Оба замолчали. Им было что наблюдать, точнее, чем любоваться.
Перед ними на большом виртуальном экране расстилалось неизвестное. В общем-то, визуальная пустота. Масштабы ее были непредставимы для человеческого разума. Если бы обзор был круговой, то все, чем она могла себя выдавать, — это отсутствие звезд. Там, за этой «сверхдырой», не было ничего. Хотя по краю — они уже зафиксировали это — присутствовала едва уловимая аномалия. Но для них, астронавтов, конечно же, наблюдаемая. Плотность звезд превосходила среднюю, и к тому же их цвет тоже отличался. Был сдвинут. Причем по-разному: у одних — в красную, у других — в голубую область. Все в зависимости от расположения относительно чудовищной массы. Плотность далеких светил изменилась потому, что таинственный объект работал как гравитационная линза.
— Значит, по-вашему, такая штука существовать не может? — подвел итог любованию пустотой командир.
— Конечно, не может, — почему-то поежился, хотя вокруг был идеальный микроклимат, физик. — По крайней мере, хоть сколько-то длительное время. Эта сверхмасса обязана тут же схлопнуться, провалиться в тартарары.
— Но в центре Галактики вроде бы что-то такое существует.
— Может быть, даже побольше, — согласился физик. — Но ведь там она и впала в сингулярность. Она непрерывно схлопывается. Просто мы видим ее, вернее видели бы, не мешай нам галактический рукав… из-за постоянно падающих на нее звезд. Похоже, они туда ссыпаются, будто песок. Во жуть-то! Как хорошо, что мы живем далеко.

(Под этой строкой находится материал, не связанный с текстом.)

Lemma Ssingle_le_power P : 0 <= P -> Ss P <= sth * P * H / sn2.
Proof.
  intros HP. apply supR_least; [|now apply Ssingle_nonempty].
  intros v (a & <- & ->). apply rho_le_power.
Qed.

Lemma Ssingle_ge_matched P : 0 <= P -> sth * Sinv * (P * Sinv) / (P * Sinv + sn2 * B) <= Ss P.
Proof.
  intros HP. destruct (matched_beam_spec P HP) as [Hpow Hrho].
  rewrite <- Hrho. now apply rho_le_Ssingle.
Qed.

Lemma Ssingle_gt0 P : 0 < P -> 0 < Ss P.
Proof.
  intros HP. pose proof Sinv_gt0. pose proof B_gt0.
  eapply Rlt_le_trans; [|apply Ssingle_ge_matched; lra].
  apply Rdiv_lt_0_compat; [apply Rmult_lt_0_compat|]; nra.
Qed.

Lemma Ssingle_ge_gap P : 0 < P -> sth * Sinv - sth * sn2 * B / P <= Ss P.
Proof.
  intros HP. pose proof Sinv_gt0. pose proof B_gt0.
  assert (0 < P * Sinv) by (apply Rmult_lt_0_compat; lra).
  assert (0 < sn2 * B) by (apply Rmult_lt_0_compat; lra).
  eapply Rle_trans; [|apply Ssingle_ge_matched; lra].
  assert (Hgap : sth * Sinv - sth * Sinv * (P * Sinv) / (P * Sinv + sn2 * B)
                 = sth * sn2 * B * (Sinv / (P * Sinv + sn2 * B))) by (field; nra).
  assert (Sinv / (P * Sinv + sn2 * B) <= / P).
  { apply Rmult_le_reg_r with (P * (P * Sinv + sn2 * B)); [nra|].
    replace (Sinv / (P * Sinv + sn2 * B) * (P * (P * Sinv + sn2 * B))) with (P * Sinv)
      by (field; nra).
    replace (/ P * (P * (P * Sinv + sn2 * B))) with (P * Sinv + sn2 * B) by (field; lra). nra. }
  assert (0 < sth * sn2 * B) by (apply Rmult_lt_0_compat; [apply Rmult_lt_0_compat|]; lra).
  unfold Rdiv at 1. nra.
Qed.

(* Scaling [a] by [c] multiplies both [|a^H h|^2] and [noise a] by [c^2] while
   [sn2] stays fixed. *)
Lemma rho_le_scale c a : 1 <= c -> rh a <= rh (scaleC c a).
Proof.
  intros Hc. unfold rh, rho.
  assert (Hinner : norm2 (cinner N (scaleC c a) h) = c * c * norm2 (cinner N a h)).
  { replace (cinner N (scaleC c a) h)
      with (mkC (c * re (cinner N a h)) (c * im (cinner N a h))).
    - unfold norm2; simpl; ring.
    - unfold cinner; simpl. rewrite <- !sumR_scal.
      f_equal; apply sumR_ext; intros; unfold scaleC; simpl; ring. }
  assert (Hnoise : sumR N (fun i => sv i * norm2 (h i) * norm2 (scaleC c a i)) = c * c * noise a).
  { unfold noise. rewrite <- sumR_scal. apply sumR_ext; intros; unfold scaleC, norm2; simpl; ring. }
  rewrite Hinner, Hnoise. fold (noise a).
  pose proof (noise_ge0 a). pose proof (norm2_ge0 (cinner N a h)).
  set (X := noise a) in *. set (Z := norm2 (cinner N a h)) in *.
  assert (Hcc : 1 <= c * c) by nra.
  apply Rmult_le_reg_r with ((X + sn2) * (c * c * X + sn2)); [apply Rmult_lt_0_compat; nra|].
  replace (sth * Z / (X + sn2) * ((X + sn2) * (c * c * X + sn2)))
    with (sth * Z * (c * c * X + sn2)) by (field; lra).
  replace (sth * (c * c * Z) / (c * c * X + sn2) * ((X + sn2) * (c * c * X + sn2)))
    with (sth * (c * c * Z) * (X + sn2)) by (field; nra).
  assert (0 <= sth * Z * sn2 * (c * c - 1))
    by (apply Rmult_le_pos; [apply Rmult_le_pos; [apply Rmult_le_pos|]|]; lra).
  nra.
Qed.

Lemma Ssingle_le_Ssingle P1 P2 : 0 < P1 <= P2 -> Ss P1 <= Ss P2.
Proof.
  intros HP. apply supR_le_supR with (sth * Sinv);
    [exact (Ssingle_bounded P2) | apply Ssingle_nonempty; lra |].
  intros v (a & Ha & ->). set (c := sqrt (P2 / P1)).
  assert (Hcc : c * c = P2 / P1) by (apply sqrt_sqrt, Rle_mult_inv_pos; lra).
  assert (Hc : 1 <= c).
  { assert (1 <= P2 / P1) by (apply Rmult_le_reg_r with P1; [lra|];
      replace (P2 / P1 * P1) with P2 by (field; lra); lra).
    assert (0 <= c) by apply sqrt_pos. nra. }
  exists (rh (scaleC c a)). split; [|now apply rho_le_scale].
  exists (scaleC c a). split; [|reflexivity].
  unfold power. replace P2 with (c * c * P1) by (rewrite Hcc; field; lra).
  rewrite <- Ha, <- sumR_scal. apply sumR_ext; intros; unfold scaleC, norm2; simpl; ring.
Qed.

End SingleAntenna.

Lemma zeta_M_eq (N M : nat) (sth sn2 alpha : R) (sv d : nat -> R) (h : nat -> cplx) :
  (1 <= M)%nat -> 0 < sn2 -> (forall i, (i < N)%nat -> 0 < sv i) ->
  zeta_M N M sth alpha sv d h = sth * P_M N M sn2 alpha sv d * sumR N (fun i => norm2 (h i)) / sn2.
Proof.
  intros HM Hsn2 Hsv. assert (0 < INR M) by (apply lt_0_INR; lia).
  unfold zeta_M, P_M.
  replace (sumR N (fun i => sth * Rpower (d i) alpha / sv i))
    with (sth / sn2 * sumR N (fun i => sn2 * Rpower (d i) alpha / sv i)).
  - field. lra.
  - rewrite <- sumR_scal. apply sumR_ext. intros i Hi. pose proof (Hsv i Hi). field. lra.
Qed.
Lemma Qnf_nf_of_te t e : Y e -> Y (act D t e) -> Qnf (nf_of (te t e)).
Proof.
  intros Ye Yte. destruct (classic (e = one)) as [->|He].
  - rewrite nf_of_te_one. unfold Qnf; simpl. tauto.
  - rewrite nf_of_te by exact He. unfold Qnf; simpl. tauto.
Qed.

Lemma Qnf_te_act t e w :
  Y e -> Y (act D t e) -> Qnf (nf_of w) -> Qnf (nf_act (te t e) (nf_of w)).
Proof.
  intros Ye Yte HQ.
  pose proof (nf_plus_nf_of w) as Hp.
  destruct (nf_of w) as [t0 l]; simpl in Hp. unfold Qnf in HQ; simpl in HQ.
  destruct (Qsplit_head _ _ HQ) as [_ Yp]. rewrite <- Hp in Yp.
  set (g := meet e (nf_plus (t0, l))).
  assert (Yg : Y g) by (apply Y_meet; assumption).
  assert (Ytg : Y (act D t g)) by (apply (HA t g e); auto; apply xle_meetl).
  cbn [nf_act te fold_right]. unfold nf_letter at 2. fold g.
  destruct (decide (g = nf_plus (t0, l))) as [E|NE].
  - rewrite (nf_proj_plus g _ E). unfold Qnf; simpl.
    apply Qsplit_act; [exact HQ|]. rewrite <- Hp, <- E. exact Ytg.
  - rewrite (nf_proj_cons g _ NE). unfold Qnf; simpl. rewrite (tmul1r D HD).
    apply Qsplit_cons_proj; assumption.
Qed.

Lemma Qnf_HQ_product gs : gs <> [] -> Forall (inHQ D Y) gs -> Qnf (nf_of (concat gs)).
Proof.
  induction gs as [|g gs IH]; intros Hne HF; [congruence|].
  inversion HF as [|? ? (t & e & Ye & Yte & Hg) HF']; subst.
  simpl concat. rewrite nf_of_app, (nf_act_Peq _ _ _ Hg).
  destruct gs as [|g' gs'].
  - apply Qnf_nf_of_te; assumption.
  - apply Qnf_te_act; [assumption|assumption|]. apply IH; [discriminate|exact HF'].
Qed.

Lemma nf_of_canonical hs t e :
  hs <> [] -> canonical_chain hs -> Peq D (hd [] hs) (te t e) ->
  exists L, nf_of (concat hs) = (t, L) /\ nf_head L = e /\
    (Qsplit t L -> Forall (inHQ D Y) hs).
Proof.
  revert t e. induction hs as [|h hs IH]; intros t e Hne Hchain Hh; [congruence|].
  simpl hd in Hh. destruct hs as [|h' rest].
  - simpl concat. rewrite app_nil_r, (nf_of_Peq _ _ Hh).
    destruct (nf_head_nf_of_te t e) as [Ht He].
    destruct (nf_of (te t e)) as [t0 L]; simpl in Ht, He; subst t0.
    exists L. split; [reflexivity|]. split; [exact He|].
    intro HQ. destruct (Qsplit_head _ _ HQ) as [Ye Yte]. rewrite He in Ye, Yte.
    repeat constructor. exists t, e. auto.
  - destruct Hchain as (HF & Hadj & HnX).
    assert (Hh' : inHP D h') by (inversion HF as [|? ? _ HF']; inversion HF'; assumption).
    destruct Hh' as (t' & e' & Hh').
    destruct (IH t' e') as (L1 & Hev & Hhead & HQrest);
      [discriminate|apply (canonical_chain_tail h); split; auto|exact Hh'|].
    destruct (Hadj 0) as (x & Hx & Hlt); [simpl; lia|].
    destruct (canonical_adjacent h h' x t e t' e') as [Hlt' Ht']; auto.
    { apply (HnX 1). simpl. lia. }
    assert (Hp : nf_plus (t', L1) = act D t' e').
    { pose proof (nf_plus_nf_of (concat (h' :: rest))) as Hp.
      rewrite Hev in Hp. simpl in Hp. rewrite Hp, Hhead. reflexivity. }
    exists ((e, t') :: L1). split; [|split; [reflexivity|]].
    + change (concat (h :: h' :: rest)) with (h ++ concat (h' :: rest)).
      rewrite nf_of_app, Hev, (nf_act_Peq _ _ _ Hh).
      apply (nf_act_te_fresh t e (t', L1)); [rewrite Hp; exact Hlt'|auto].
    + simpl. intros (Ye & Yte & Htail). constructor.
      * exists t, e. auto.
      * apply HQrest. destruct Htail as [[E _]|Htail]; [contradiction|exact Htail].
Qed.

Lemma HQ_of_canonical a hs :
  inQ D Y a -> HPCanonical D hs a -> Forall (inHQ D Y) hs.
Proof.
  intros (gs & Hgs & HFg & Hag) Hcan.
  apply HPCanonical_chain in Hcan as (Hhs & Hchain & Hah).
  assert (HQ : Qnf (nf_of (concat hs))).
  { rewrite <- (nf_of_Peq _ _ Hah), (nf_of_Peq _ _ Hag). apply Qnf_HQ_product; assumption. }
  destruct hs as [|h hs']; [congruence|].
  destruct Hchain as [HF Hlinks]. inversion HF as [|? ? (t & e & Hh) _]; subst.
  destruct (nf_of_canonical (h :: hs') t e) as (L & Hev & _ & HQL);
    [exact Hhs|split; assumption|exact Hh|].
  rewrite Hev in HQ. exact (HQL HQ).
Qed.

Lemma Y_of_inQ x : inQ D Y [inr x] -> Y x.
Proof.
  intros (gs & Hgs & HFg & Hag).
  pose proof (Qnf_HQ_product gs Hgs HFg) as HQ.
  rewrite <- (nf_of_Peq _ _ Hag), <- (nf_of_Peq _ _ (te_one_Peq x)) in HQ.
  destruct (nf_head_nf_of_te tone x) as [_ Hx].
  destruct (nf_of (te tone x)) as [t0 L]. unfold Qnf in HQ; simpl in *.
  rewrite <- Hx. apply (Qsplit_head _ _ HQ).
Qed.

Lemma inHQ_proj x : Y x -> inHQ D Y [inr x].
Proof.
  intro Yx. exists tone, x. rewrite (act1 D HD).
  repeat split; [exact Yx|exact Yx|apply Peq_sym, te_one_Peq].
Qed.

End HQProducts.

End NormalForms.

Lemma inQ_of_HQ (T X : Type) (D : Data T X) (Y : X -> Prop) a :
  inHQ D Y a -> inQ D Y a.
Proof.
  intro Ha. exists [a]. split; [discriminate|]. split; [repeat constructor; exact Ha|].
  simpl. rewrite app_nil_r. apply Peq_refl.
Qed.

Lemma HPCanonical_singleton (T X : Type) (D : Data T X) a :
  inHP D a -> HPCanonical D [a] a.
Proof.
  intro Ha. split; [discriminate|]. split; [repeat constructor; exact Ha|].
  split; [simpl; rewrite app_nil_r; apply Peq_refl|].
  split; intros i Hi; simpl in Hi; lia.
Qed.

Theorem mainTheorem15 (T X : Type) (D : Data T X) (HD : Hyps D)
  (Y : X -> Prop) (HY : SubSemilatticeWithId D Y)
  (HA : condA D Y) (HB : condB D Y) :
  (forall (a : word) (hs : list word),
      inQ D Y a -> HPCanonical D hs a -> Forall (inHQ D Y) hs) /\
  (forall a : word, (inHP D a /\ inQ D Y a) <-> inHQ D Y a) /\
  (forall x : X, inQ D Y [inr x] <-> Y x).
Proof.
  destruct HY as [Y_meet _].
  pose proof (HQ_of_canonical T X D HD Y Y_meet HA) as Hcan.
  split; [exact Hcan|split].
  - intro a. split.
    + intros [HPa HQa].
      pose proof (Hcan a [a] HQa (HPCanonical_singleton T X D a HPa)) as H.
      inversion H. assumption.
    + intro Ha. split; [|apply inQ_of_HQ, Ha].
      destruct Ha as (t & e & _ & _ & H). exists t, e. exact H.
  - intro x. split; [apply (Y_of_inQ T X D HD Y Y_meet HA)|].
    intro Yx. apply inQ_of_HQ, (inHQ_proj T X D HD Y x Yx).
Qed.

— По нашим представлениям, жить возле центра никто и не может. Нам повезло, мы в коротационной окружности, — поучаствовал в просветительной беседе капитан.
— По нашим представлениям, и этой не должно быть, — взмахнул рукой физик. — Я вам докладывал о кольцах, Гровер?
— Я просматривал ваши заметки, уж не обессудьте, — выдавил улыбку капитан.
— Я назвал это «кольцами», — все же пояснил физик. — А как еще это назвать? Кольца тоже, как и объект внутри, не наблюдаемы. Отсюда я не могу оценить, видимо, нужна более удаленная точка… Хотя не уверен, что откуда-то со светового года удастся вообще что-то рассмотреть. Может, пропадет и сама «сверхдыра». Ведь она необычная… Да, о кольцах. Их целая система. Честно говоря, я запутался, сколько их, слишком малое время идут наблюдения. Но, похоже, тысячи. Не знаю, скорее всего, они не пересекаются друг с другом, хотя тут и черт ногу сломит. Так вот, капитан Гровер, вы поняли, из чего эти кольца?
— Там что-то двигается внутри, да? И как показывает аппаратура, точнее как трактуете вы, Ремо, с субсветовой скоростью, так?
— Да, капитан. И знаете, что там движется?
— Планеты? — прикинул вслух капитан и тут же сгладил проявившееся мальчишество: — Это я так, навскидку, поэкспериментировал.
— Нет, командир, планеты бы мы спокойно пронаблюдали. Хотя простым телескопом проблематично.
— Из-за скорости?
— Да нет, против фазовой даже скорость света бессильна. Обзорную плоскость всегда можно повернуть быстрее любого материального тела. Просто обычным телескопом нечего ловить. Ведь планеты светят отраженным светом, а здесь нет близкой звездной подсветки. Но есть и другие методы. Однако что это я о планетах? Там вовсе не планеты — еще хуже.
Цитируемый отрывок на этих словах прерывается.